Katia Eliad, a Paris-based artist, was stuck in a rut. She felt blocked in her creativity, out of touch with herself and for some inexplicable reason unable to use green or blue in her abstract paintings. So last spring, she started an unusual treatment: daily two-hour sessions of Mozart's music for three weeks at a time, filtered through special vibrating headphones that sometimes cut out the lowest tones. The impact, she says, was dramatic. "I'm much more at ease with myself, with people, with everything," says Eliad, 33. "It feels like I've done 10 years of psychoanalysis in just eight months." Blue and green are back in her palette. As for Mozart, "he's become like a grandfather who calms you when you wake up in the middle of a nightmare."
Wolfgang Amadeus Mozart was born 250 years ago, on Jan. 27, 1756, and lavish celebrations are being planned around the world to celebrate his anniversary. This year will be filled with his music, but it will also be a time to re-examine the contradictions and conflicting interpretations of his brief 35-year life. He has been cast in many roles: the infant prodigy paraded around European courts by his father, Leopold; the foulmouthed brat whose letters attest to a fondness for off-color practical jokes. One widespread misconception has him buried in a pauper's grave in Vienna's St. Marx Cemetery. Another unproven legend, given widespread credence thanks to the hit movie Amadeus, depicts him as the victim of his jealous court rival Antonio Salieri. Fervent admirers have argued that he was divinely inspired, but some modern psychologists detect an infantile-regressive personality. And if he were alive today, says Herbert Brugger of the Salzburg tourism office, he would be "a pop star somewhere between Prince, Michael Jackson and Robbie Williams."
There's little new about such typecasting. But over the past decade, Mozart has increasingly been placed in a role that is perhaps the most controversial of all: as healer of mind and body. In this New Age interpretation, Mozart is the ultimate composer-therapist whose music can help treat ailments ranging from acne to Alzheimer's disease and even, it is claimed, make you and your kids smarter. Some of these claims are based on science. One neurosurgeon in Chicago has conducted studies that show certain Mozart pieces can reduce the severity and frequency of epileptic seizures in some patients, while researchers in Irvine, California, have found that some people with Alzheimer's are better able to perform mental tests after listening to Mozart for 10 minutes.
But much of the supporting material is anecdotal. French actor Gérard Depardieu says Mozart helped to cure his childhood stutter. Eliad, the painter, received her treatment at an institute founded by a Paris physician named Alfred Tomatis, who pioneered the use of Mozart's music to treat all sorts of childhood disorders as well as adult ailments including depression. Few national authorities officially recognize the treatment, and traditional music therapists are deeply skeptical. Still, Poland is currently introducing Tomatis' methods nationwide in centers that help children with learning difficulties. And in the London suburb of Richmond, Jackie Hindley credits it with helping her 6-year-old son Lawrence. He was a slow developer and hyperactive, Hindley says, with a particular language difficulty: whenever people spoke to him, he would stay quiet for half an hour before coming back with an answer, she says.

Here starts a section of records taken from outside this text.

Lemma laplace_frame x00 x10 x11 x01 y1 y2 :
  ~ collinear x00 x10 x11 -> ~ collinear x10 x11 x01 ->
  ~ collinear x11 x01 x00 -> ~ collinear x01 x00 x10 ->
  coplanar x00 x10 x11 x01 -> y1 != 0 -> y2 != 0 ->
  collinear x00 x10 y1 -> collinear x01 x11 y1 ->
  collinear x00 x01 y2 -> collinear x10 x11 y2 ->
  exists A0 AN Y2,
    [/\ peq A0 x00, peq AN x10, peq (A0 + Y2) x01 & peq (AN + Y2) x11] /\
    peq Y2 y2 /\ peq (AN - A0) y1.
Proof.
move=> nc1 nc2 nc3 nc4 hcop y1_neq0 y2_neq0 c1 c2 c3 c4.
have [rX [a [b [c ex11]]]] := coplanar_lincomb hcop nc4.
have r1 := noncollinear_rank_adds nc1; have r2 := noncollinear_rank_adds nc2.
have r3 := noncollinear_rank_adds nc3; have r4 := noncollinear_rank_adds nc4.
have a_neq0 : a != 0.
  apply: contra_notN nc2 => /eqP a0; apply: (collinear_in_line (u := x10) (v := x01));
    rewrite ?ex11 ?a0 ?scale0r ?add0r; sub_adds.
have b_neq0 : b != 0.
  apply: contra_notN nc3 => /eqP b0; apply: (collinear_in_line (u := x01) (v := x00));
    rewrite ?ex11 ?b0 ?scale0r ?addr0; sub_adds.
have c_neq0 : c != 0.
  apply: contra_notN nc1 => /eqP c0; apply: (collinear_in_line (u := x00) (v := x10));
    rewrite ?ex11 ?c0 ?scale0r ?addr0; sub_adds.
set A0 := - a *: x00; set AN := b *: x10; set Y2 := c *: x01 + a *: x00.
have EA0Y : A0 + Y2 = c *: x01 by rewrite /A0 /Y2 scaleNr addrCA addNr addr0.
have EANY : AN + Y2 = x11 by rewrite ex11 /AN /Y2 addrC -addrA addrC.
have EY2 : Y2 = x11 - AN by rewrite -EANY addrC addKr.
have EY1 : AN - A0 = x11 - c *: x01 by rewrite -EA0Y -EANY opprD addrACA subrr addr0.
exists A0, AN, Y2; split; [split | split].
- by apply: peq_scale; rewrite oppr_eq0.
- exact: peq_scale.
- by rewrite EA0Y; exact: peq_scale.
- by rewrite EANY; exact: peq_refl.
- rewrite addsmxC in r4; apply: (lines_meet_peq r4 r2) => //.
  + by apply: (etrans _ rX); apply: eqmx_rank; apply/andP; split; sub_adds.
  + by rewrite /Y2; sub_adds.
  + by rewrite EY2; sub_adds.
  + exact: collinear_sub_adds r4 c3.
  + exact: collinear_sub_adds r2 c4.
  + by rewrite /Y2 addsmxC in r4; exact: lincomb2_neq0.
- rewrite addsmxC in r3; apply: (lines_meet_peq r1 r3) => //.
  + by apply: (etrans _ rX); apply: eqmx_rank; apply/andP; split; sub_adds.
  + by rewrite /AN /A0; sub_adds.
  + by rewrite EY1; sub_adds.
  + exact: collinear_sub_adds r1 c1.
  + exact: collinear_sub_adds r3 c2.
  + rewrite /AN /A0 scaleNr opprK; rewrite addsmxC in r1; exact: lincomb2_neq0.
Qed.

After several sessions of listening to Mozart, "he's now a very active speaker who responds immediately to whatever is said to him," Hindley says. "He's taken very profound steps forward."

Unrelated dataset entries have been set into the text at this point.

(* Let $(X,d,\alpha)$ be a computable metric space. Let $S$ be a compact subset of $(X,d)$ and suppose $A_1,\dots,A_n$ are subsets of $S$ such that $S=A_1\cup\dots\cup A_n$ and such that $A_i$ is computable up to $S$ for each $i\in\{1,\dots,n\}$. Then $S$ is a computable compact set.
   Context: A computable metric space is a triple $(X,d,\alpha)$ where $(X,d)$ is a metric space and $\alpha=(\alpha_i)_{i\in\mathbb N}$ is a sequence with dense range in $(X,d)$ such that $(i,j)\mapsto d(\alpha_i,\alpha_j)$ is a computable function $\mathbb N^2\to\mathbb R$ (a function $g:\mathbb N^k\to\mathbb R$ is computable if there is a computable $G:\mathbb N^{k+1}\to\mathbb Q$ with $|g(x)-G(x,i)|<2^{-i}$ for all $x,i$). Fix a computable $q:\mathbb N\to\mathbb Q$ whose image is the set of positive rationals and computable $\tau_1,\tau_2:\mathbb N\to\mathbb N$ with $\{(\tau_1(i),\tau_2(i)):i\in\mathbb N\}=\mathbb N^2$; let $\lambda_i=\alpha_{\tau_1(i)}$, $\rho_i=q_{\tau_2(i)}$, $I_i=B(\lambda_i,\rho_i)$ (open ball). Fix computable $\sigma:\mathbb N^2\to\mathbb N$, $\eta:\mathbb N\to\mathbb N$ such that $\{(\sigma(j,0),\dots,\sigma(j,\eta(j))):j\in\mathbb N\}$ is the set of all nonempty finite sequences in $\mathbb N$; let $[j]=\{\sigma(j,i):0\le i\le\eta(j)\}$, $J_j=\bigcup_{i\in[j]}I_i$ and $\Lambda_j=\{\alpha_i:i\in[j]\}$. A compact $K$ is a computable compact set if $\{j:K\subseteq J_j\}$ and $\{i:K\cap I_i\ne\emptyset\}$ are computably enumerable. For $A,B\subseteq X$ and $\varepsilon>0$ write $A\prec_\varepsilon B$ if for each $a\in A$ there is $b\in B$ with $d(a,b)<\varepsilon$. For $A\subseteq S\subseteq X$, $A$ is computable up to $S$ if there is a computable $f:\mathbb N\to\mathbb N$ with $A\prec_{2^{-k}}\Lambda_{f(k)}$ and $\Lambda_{f(k)}\prec_{2^{-k}}S$ for all $k\in\mathbb N$. *)

From Stdlib Require Import Reals QArith Qreals List Arith.
Import ListNotations.
Open Scope R_scope.

(* A concrete model of computability: (partial) mu-recursive programs. *)
Inductive prog : Type :=
| PZero : prog
| PSucc : prog
| PProj : nat -> prog
| PComp : prog -> list prog -> prog
| PRec  : prog -> prog -> prog
| PMu   : prog -> prog.

Inductive eval : prog -> list nat -> nat -> Prop :=
| ev_zero : forall v, eval PZero v 0
| ev_succ : forall x v, eval PSucc (x :: v) (S x)
| ev_proj : forall i v, (i < length v)%nat -> eval (PProj i) v (nth i v 0%nat)
| ev_comp : forall f gs v ys y,
    Forall2 (fun g z => eval g v z) gs ys -> eval f ys y -> eval (PComp f gs) v y
| ev_rec0 : forall f g v y, eval f v y -> eval (PRec f g) (0%nat :: v) y
| ev_recS : forall f g n v z y,
    eval (PRec f g) (n :: v) z -> eval g (n :: z :: v) y ->
    eval (PRec f g) (S n :: v) y
| ev_mu : forall f v n,
    eval f (n :: v) 0 ->
    (forall m, (m < n)%nat -> exists k, eval f (m :: v) (S k)) ->
    eval (PMu f) v n.

Definition computable1 (f : nat -> nat) : Prop :=
  exists p, forall x, eval p [x] (f x).
Definition computable2 (f : nat -> nat -> nat) : Prop :=
  exists p, forall x y, eval p [x; y] (f x y).
Definition computable3 (f : nat -> nat -> nat -> nat) : Prop :=
  exists p, forall x y z, eval p [x; y; z] (f x y z).

Definition c_e (A : nat -> Prop) : Prop :=
  exists p, forall x, A x <-> exists y, eval p [x] y.

(* Rationals are coded by triples (a,b,c) of naturals as (a - b)/(c+1). *)
Definition qcode (a b c : nat) : Q :=
  Qmake (Z.of_nat a - Z.of_nat b) (Pos.of_succ_nat c).

Definition computableQ1 (q : nat -> Q) : Prop :=
  exists a b c, computable1 a /\ computable1 b /\ computable1 c /\
    forall i, q i == qcode (a i) (b i) (c i).

Definition computableR2 (g : nat -> nat -> R) : Prop :=
  exists a b c, computable3 a /\ computable3 b /\ computable3 c /\
    forall x y i, Rabs (g x y - Q2R (qcode (a x y i) (b x y i) (c x y i)))
                  < / 2 ^ i.

Definition is_metric {X : Type} (d : X -> X -> R) : Prop :=
  (forall x y, 0 <= d x y) /\
  (forall x y, d x y = 0 <-> x = y) /\
  (forall x y, d x y = d y x) /\
  (forall x y z, d x z <= d x y + d y z).

Definition ball {X : Type} (d : X -> X -> R) (x : X) (r : R) : X -> Prop :=
  fun y => d x y < r.

Definition is_open {X : Type} (d : X -> X -> R) (U : X -> Prop) : Prop :=
  forall x, U x -> exists r, 0 < r /\ forall y, ball d x r y -> U y.

Definition compact_set {X : Type} (d : X -> X -> R) (S : X -> Prop) : Prop :=
  forall (I : Type) (U : I -> X -> Prop),
    (forall i, is_open d (U i)) ->
    (forall x, S x -> exists i, U i x) ->
    exists l : list I, forall x, S x -> exists i, In i l /\ U i x.

Definition computable_metric_space {X : Type} (d : X -> X -> R)
  (alpha : nat -> X) : Prop :=
  is_metric d /\
  (forall x eps, 0 < eps -> exists i, d x (alpha i) < eps) /\
  computableR2 (fun i j => d (alpha i) (alpha j)).

Definition enum_data (q : nat -> Q) (tau1 tau2 : nat -> nat)
  (sigma : nat -> nat -> nat) (eta : nat -> nat) : Prop :=
  computableQ1 q /\
  (forall i, 0 < q i)%Q /\
  (forall r : Q, (0 < r)%Q -> exists i, q i == r) /\
  computable1 tau1 /\ computable1 tau2 /\
  (forall a b, exists i, tau1 i = a /\ tau2 i = b) /\
  computable2 sigma /\ computable1 eta /\
  (forall l : list nat, l <> [] ->
     exists j, length l = S (eta j) /\
               forall i, (i < length l)%nat -> nth i l 0%nat = sigma j i).

Section Notions.
Context {X : Type} (d : X -> X -> R) (alpha : nat -> X) (q : nat -> Q)
  (tau1 tau2 : nat -> nat) (sigma : nat -> nat -> nat) (eta : nat -> nat).

Definition lam (i : nat) : X := alpha (tau1 i).
Definition rho (i : nat) : R := Q2R (q (tau2 i)).
Definition Iball (i : nat) : X -> Prop := ball d (lam i) (rho i).
Definition idx (j : nat) : nat -> Prop :=
  fun m => exists i, (i <= eta j)%nat /\ sigma j i = m.
Definition Jset (j : nat) : X -> Prop :=
  fun x => exists m, idx j m /\ Iball m x.
Definition Lambda (j : nat) : X -> Prop :=
  fun x => exists m, idx j m /\ x = alpha m.

Definition computable_compact (K : X -> Prop) : Prop :=
  compact_set d K /\
  c_e (fun j => forall x, K x -> Jset j x) /\
  c_e (fun i => exists x, K x /\ Iball i x).
End Notions.

Definition prec {X : Type} (d : X -> X -> R) (eps : R) (A B : X -> Prop) : Prop :=
  forall a, A a -> exists b, B b /\ d a b < eps.

Definition computable_up_to {X : Type} (d : X -> X -> R) (alpha : nat -> X)
  (sigma : nat -> nat -> nat) (eta : nat -> nat) (A S : X -> Prop) : Prop :=
  exists f : nat -> nat, computable1 f /\
    forall k, prec d (/ 2 ^ k) A (Lambda alpha sigma eta (f k)) /\
              prec d (/ 2 ^ k) (Lambda alpha sigma eta (f k)) S.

By far the most widespread and most disputed recent claim is that Mozart can enhance your brain power. That notion was first given scientific support in a 1993 article in Nature, which found that college students who listened to the first movement of Mozart's Sonata in D Major for Two Pianos performed better on a spatial reasoning test that involved mentally unfolding a piece of paper. The study's main author, Frances Rauscher, an associate professor at the University of Wisconsin who is also a cellist, went on to do a similar test using laboratory rats. They were exposed to the same piano sonata in utero and for two months after birth, and then let loose in a maze. There they navigated their way out far quicker than three other groups of rats, which had been exposed to white noise, silence or a highly repetitive piece by American composer Philip Glass.

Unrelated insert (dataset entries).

Lemma dist_zpow_le (g : G) a0 k :
  dist X a0 (act (zpow G g k) a0) <= IZR (Z.abs k) * dist X a0 (act g a0).
Proof.
  set (D := dist X a0 (act g a0)).
  assert (Hnat : forall n : nat, dist X a0 (act (zpow G g (Z.of_nat n)) a0) <= INR n * D).
  { induction n as [|n IHn].
    - simpl. rewrite act_one, (proj2 (dist_eq0 X a0 a0) eq_refl). lra.
    - rewrite Nat2Z.inj_succ, <- Z.add_1_r, zpow_succ_r, act_mul, S_INR.
      eapply Rle_trans; [apply (dist_tri X _ (act (zpow G g (Z.of_nat n)) a0)) |].
      rewrite act_dist. fold D. lra. }
  destruct (Z.le_gt_cases 0 k).
  - rewrite <- (Z2Nat.id k), Z.abs_eq, <- INR_IZR_INZ by lia. apply Hnat.
  - rewrite <- (Z.opp_involutive k), <- (Z2Nat.id (- k)), zpow_opp, Z.abs_opp,
      Z.abs_eq, <- INR_IZR_INZ by lia.
    rewrite <- (act_dist (zpow G g (Z.of_nat (Z.to_nat (- k))))), act_inv_r, dist_sym.
    apply Hnat.
Qed.

Lemma dist_translate_zpow (g : G) a0 u i j :
  dist X (act u (act (zpow G g i) a0)) (act u (act (zpow G g j) a0))
  = dist X a0 (act (zpow G g (j - i)) a0).
Proof.
  rewrite act_dist. replace j with (i + (j - i))%Z at 1 by lia.
  rewrite <- act_zpow_add. apply act_dist.
Qed.

End IsometricAction.

Lemma zpow_displacement_bounded (G : Group) (X : MetricSpace) (act : G -> X -> X) (g : G) :
  proper_action G X act -> infinite_order G g ->
  forall a0 r, exists M : Z, (0 <= M)%Z /\
    forall k, dist X a0 (act (zpow G g k) a0) <= r -> (Z.abs k <= M)%Z.
Proof.
  intros PA Hinf a0 r. destruct (PA a0 r) as [L HL].
  assert (Hlog : forall h : G, exists k, (exists k', h = zpow G g k') -> h = zpow G g k).
  { intro h. destruct (classic (exists k', h = zpow G g k')) as [[k' E] | Hno].
    - exists k'. auto.
    - exists 0%Z. intro E. contradiction. }
  destruct (functional_choice _ Hlog) as [expo Hexpo].
  set (M := list_max (map (fun h => Z.abs_nat (expo h)) L)).
  exists (Z.of_nat M). split; [lia |]. intros k Hk.
  assert (Ek : expo (zpow G g k) = k).
  { apply (zpow_inj G g Hinf). symmetry. apply Hexpo. eauto. }
  assert (Hle : List.Forall (fun n => (n <= M)%nat) (map (fun h => Z.abs_nat (expo h)) L))
    by (apply list_max_le; reflexivity).
  rewrite List.Forall_forall in Hle.
  specialize (Hle (Z.abs_nat k)). rewrite <- Ek in Hle at 1.
  assert (Z.abs_nat k <= M)%nat by (apply Hle, (in_map (fun h => Z.abs_nat (expo h))), HL, Hk). lia.
Qed.

Section NearSets.
Variable X : MetricSpace.

Definition near (Y : X -> Prop) (e : R) (x : X) : Prop :=
  exists y, Y y /\ dist X x y <= e.

Lemma near_nbhd Y e x : near Y e x -> nbhd X Y e x.
Proof.
  intros [y [Hy Hd]].
  eapply Rbar_le_trans; [apply (proj1 (Glb_Rbar_correct _)); exists y; split; eauto | exact Hd].
Qed.

(* The infimum defining [nbhd] need not be attained: the slack 1 buys a witness. *)
Lemma nbhd_near Y e x : nbhd X Y e x -> near Y (e + 1) x.
Proof.
  intro Hn. apply NNPP. intro Hno.
  assert (Hlb : is_lb_Rbar (fun r => exists y, Y y /\ r = dist X x y) (Finite (e + 1))).
  { intros r [y [Hy ->]]. simpl. apply Rnot_lt_le. intro Hlt.
    apply Hno. exists y. split; [exact Hy | lra]. }
  pose proof (Rbar_le_trans _ _ _ (proj2 (Glb_Rbar_correct _) _ Hlb) Hn). simpl in *. lra.
Qed.

Lemma near_mono Y e e' x : e <= e' -> near Y e x -> near Y e' x.
Proof. intros h [y [Hy Hd]]. exists y. split; [exact Hy | lra]. Qed.

Lemma near_move Y d e x x' : dist X x x' <= d -> near Y e x' -> near Y (d + e) x.
Proof.
  intros Hxx' [y [Hy Hd]]. exists y. split; [exact Hy |].
  pose proof (dist_tri X x x' y). lra.
Qed.

Lemma diam_gt S th : 0 <= th -> Rbar_lt (Finite th) (diam X S) ->
  exists x y, S x /\ S y /\ th < dist X x y.
Proof.
  intros Hth Hlt. apply NNPP. intro Hno.
  apply (Rbar_lt_not_le _ _ Hlt), (proj2 (Lub_Rbar_correct _)).
  intros r [-> | [x [y [Hx [Hy ->]]]]]; simpl; [exact Hth |].
  apply Rnot_lt_le. intro Hxy. apply Hno. eauto.
Qed.

Lemma diam_le_of_empty S r : 0 <= r -> (forall x, ~ S x) -> Rbar_le (diam X S) (Finite r).
Proof.
  intros Hr HS. apply (proj2 (Lub_Rbar_correct _)).
  intros q [-> | [x [_ [Hx _]]]]; [exact Hr | destruct (HS x Hx)].
Qed.

End NearSets.

Arguments near {X}.

Lemma pigeonhole {T : Type} (f : nat -> T) (L : list T) n :
  (forall i, (i < n)%nat -> In (f i) L) -> (length L < n)%nat ->
  exists i j, (i < j < n)%nat /\ f i = f j.
Proof.
  intros Hin Hlen. apply NNPP. intro Hno.
  assert (ND : NoDup (map f (seq 0 n))).
  { apply NoDup_map_NoDup_ForallPairs; [| apply seq_NoDup].
    intros a b Ha Hb E. apply in_seq in Ha, Hb.
    destruct (Nat.lt_trichotomy a b) as [h|[h|h]]; [exfalso | exact h | exfalso];
      apply Hno; [exists a, b | exists b, a]; split; auto; lia. }
  assert (Inc : incl (map f (seq 0 n)) L).
  { intros x Hx. apply in_map_iff in Hx. destruct Hx as [i [<- Hi]].
    apply in_seq in Hi. apply Hin. lia. }
  pose proof (NoDup_incl_length ND Inc). rewrite length_map, length_seq in *. lia.
Qed.

Lemma discrete_ivt (f : nat -> Z) (M : Z) K : (0 <= M)%Z ->
  (forall i, (Z.abs (f (S i) - f i) <= M)%Z) ->
  forall j, (Z.min (f O) (f K) <= j <= Z.max (f O) (f K))%Z ->
  exists i, (Z.abs (f i - j) <= M)%Z.
Proof.
  intros HM Hs j. induction K as [|K IHK]; intro Hj.
  - exists O. lia.
  - destruct (classic (Z.min (f O) (f K) <= j <= Z.max (f O) (f K))%Z) as [Hc|Hc].
    + exact (IHK Hc).
    + exists (S K). specialize (Hs K). lia.
Qed.

Lemma periodic_extension (P : Z -> Prop) (p m : Z) : (0 < p)%Z ->
  (forall q, P q <-> P (q + p)%Z) ->
  (forall r, (0 <= r < p)%Z -> P (m + r)%Z) -> forall q, P q.
Proof.
  intros Hp Hper Hwin q.
  assert (Hd : forall d, P (m + (q - m) mod p + d * p)%Z).
  { induction d as [|d IHd|d IHd] using Z.peano_ind.
    - rewrite Z.mul_0_l, Z.add_0_r. apply Hwin, Z.mod_pos_bound, Hp.
    - rewrite Z.mul_succ_l, Z.add_assoc. apply (proj1 (Hper _)), IHd.
    - apply (proj2 (Hper _)). rewrite Z.mul_pred_l.
      replace (m + (q - m) mod p + (d * p - p) + p)%Z
        with (m + (q - m) mod p + d * p)%Z by lia.
      exact IHd. }
  specialize (Hd ((q - m) / p)%Z).
  pose proof (Z.div_mod (q - m) p ltac:(lia)).
  replace q with (m + (q - m) mod p + (q - m) / p * p)%Z by lia.
  exact Hd.
Qed.

Lemma unit_partition (a b : R) : a <= b ->
  exists (K : nat) (t : nat -> R), t O = a /\ t K = b /\
    (forall i, a <= t i <= b) /\ (forall i, Rabs (t i - t (S i)) <= 1).
Proof.
  intro Hab. destruct (archimed (b - a)) as [Hup _].
  exists (Z.to_nat (up (b - a))), (fun i => Rmin (a + INR i) b).
  assert (HK : b - a <= INR (Z.to_nat (up (b - a)))).
  { rewrite INR_IZR_INZ, Z2Nat.id; [lra |]. apply le_IZR. lra. }
  repeat split; intros; try (pose proof (pos_INR i));
    rewrite ?S_INR; unfold Rmin; simpl;
    repeat destruct Rle_dec; try apply Rabs_le; lra.
Qed.

Lemma qc_element_near_orbit (G : Group) (X : MetricSpace) (act : G -> X -> X)
  (Gam : path X -> Prop) (eta : R) (g : G) (A : X -> Prop) (a0 : X) :
  qc_element G X act Gam eta g A -> A a0 ->
  forall a, A a -> exists k, dist X a (act (zpow G g k) a0) <= eta.
Proof.
  intros [_ [_ [_ [_ HAcob]]]] HA0 a Ha.
  destruct (HAcob a a0 Ha HA0) as [h [[k ->] Hk]]. eauto.
Qed.

Section OrbitShadows.
Variables (G : Group) (X : MetricSpace) (act : G -> X -> X) (Gam : path X -> Prop)
  (mu nu eta : R) (g : G) (A Y : X -> Prop) (a0 : X).
Hypothesis PSG : path_system_group G X act Gam mu nu.
Hypothesis Heta : 0 <= eta.
Hypothesis HAqc : qc_subset X Gam eta A.
Hypothesis HAorb : forall a, A a -> exists k, dist X a (act (zpow G g k) a0) <= eta.
Hypothesis HYqc : qc_subset X Gam eta Y.

Let IA : isometric_action G X act := proj1 (proj2 PSG).
Let orb (u : G) (k : Z) : X := act u (act (zpow G g k) a0).

Lemma path_near_translate_orbit u p : Gam p ->
  translate G X act u A (p_f p (p_a p)) -> translate G X act u A (p_f p (p_b p)) ->
  forall t, p_a p <= t <= p_b p -> exists k, dist X (p_f p t) (orb u k) <= 2 * eta + 1.
Proof.
  intros Hp [a [Ha Ea]] [b [Hb Eb]] t Ht.
  pose proof PSG as [_ [_ [_ [_ Hinv]]]].
  assert (Hnbhd : nbhd X A eta (act (ginv G u) (p_f p t))).
  { apply (HAqc (act_path G X act (ginv G u) p) (Hinv _ _ Hp)); simpl;
      [rewrite Ea, act_inv_l | rewrite Eb, act_inv_l | ]; assumption. }
  destruct (nbhd_near _ _ _ _ Hnbhd) as [a' [Ha' Hd']].
  destruct (HAorb a' Ha') as [k Hk]. exists k. unfold orb.
  rewrite <- (act_inv_r G X act IA u (p_f p t)), act_dist by exact IA.
  pose proof (dist_tri X (act (ginv G u) (p_f p t)) a' (act (zpow G g k) a0)). lra.
Qed.

Lemma orbit_shadow u x x' :
  translate G X act u A x -> Y x -> translate G X act u A x' -> Y x' ->
  exists (K : nat) (kf : nat -> Z),
    dist X x (orb u (kf O)) <= 2 * eta + 1 /\
    dist X x' (orb u (kf K)) <= 2 * eta + 1 /\
    (forall i, dist X (orb u (kf i)) (orb u (kf (S i))) <= 2 * (2 * eta + 1) + 1) /\
    (forall i, near Y ((2 * eta + 1) + (eta + 1)) (orb u (kf i))).
Proof.
  intros Tx Yx Tx' Yx'.
  pose proof PSG as [_ [_ [_ [[Hpath [_ [Hjoin Hqg]]] _]]]].
  destruct (Hjoin x x') as [p [Hp [Ex Ex']]].
  destruct (unit_partition (p_a p) (p_b p) (proj1 (Hpath p Hp)))
    as [K [t [Ht0 [HtK [Ht Hstep]]]]].
  assert (Hk : forall i, exists k, dist X (p_f p (t i)) (orb u k) <= 2 * eta + 1)
    by (intro i; apply path_near_translate_orbit; [exact Hp | rewrite Ex | rewrite Ex' | ]; auto).
  destruct (functional_choice _ Hk) as [kf Hkf].
  assert (HY : forall i, near Y (eta + 1) (p_f p (t i)))
    by (intro i; apply nbhd_near, HYqc; [exact Hp | rewrite Ex | rewrite Ex' | ]; auto).
  exists K, kf. repeat split.
  - rewrite <- Ex, <- Ht0. apply Hkf.
  - rewrite <- Ex', <- HtK. apply Hkf.
  - intro i.
    assert (Hi : dist X (p_f p (t i)) (p_f p (t (S i))) <= 1).
    { eapply Rle_trans; [apply (Hqg p Hp); apply Ht | apply Hstep]. }
    pose proof (dist_tri X (orb u (kf i)) (p_f p (t i)) (orb u (kf (S i)))).
    pose proof (dist_tri X (p_f p (t i)) (p_f p (t (S i))) (orb u (kf (S i)))).
    pose proof (Hkf i). pose proof (Hkf (S i)). rewrite dist_sym in H1. lra.
  - intro i. apply (near_move _ _ _ _ _ (p_f p (t i))); [rewrite dist_sym; apply Hkf | apply HY].
Qed.

Variable M0 : Z.
Hypothesis HM0 : (0 <= M0)%Z.
Hypothesis HM0b : forall k,
  dist X a0 (act (zpow G g k) a0) <= 2 * (2 * eta + 1) + 1 -> (Z.abs k <= M0)%Z.

Let D1 := dist X a0 (act g a0).
Let c := IZR M0 * D1 + ((2 * eta + 1) + (eta + 1)).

In the decade since, these studies have sparked an academic storm, with many of Rauscher's peers either refining or debunking her findings. Other researchers have had mixed success in replicating her results. But her work received widespread media attention and gave rise to a pop-psychology trend known as the "Mozart effect." Dozens of Mozart compilation CDs that promise to enhance intelligence are now on the market, with titles such as Mozart for Mommies and Daddies Jumpstart Your Newborn's IQ. The claims have had social-policy repercussions: in 1998, the U.S. state of Georgia began handing out classical-music CDs to the parents of all infants, and there are similar but less official programs in Colorado, Florida and elsewhere.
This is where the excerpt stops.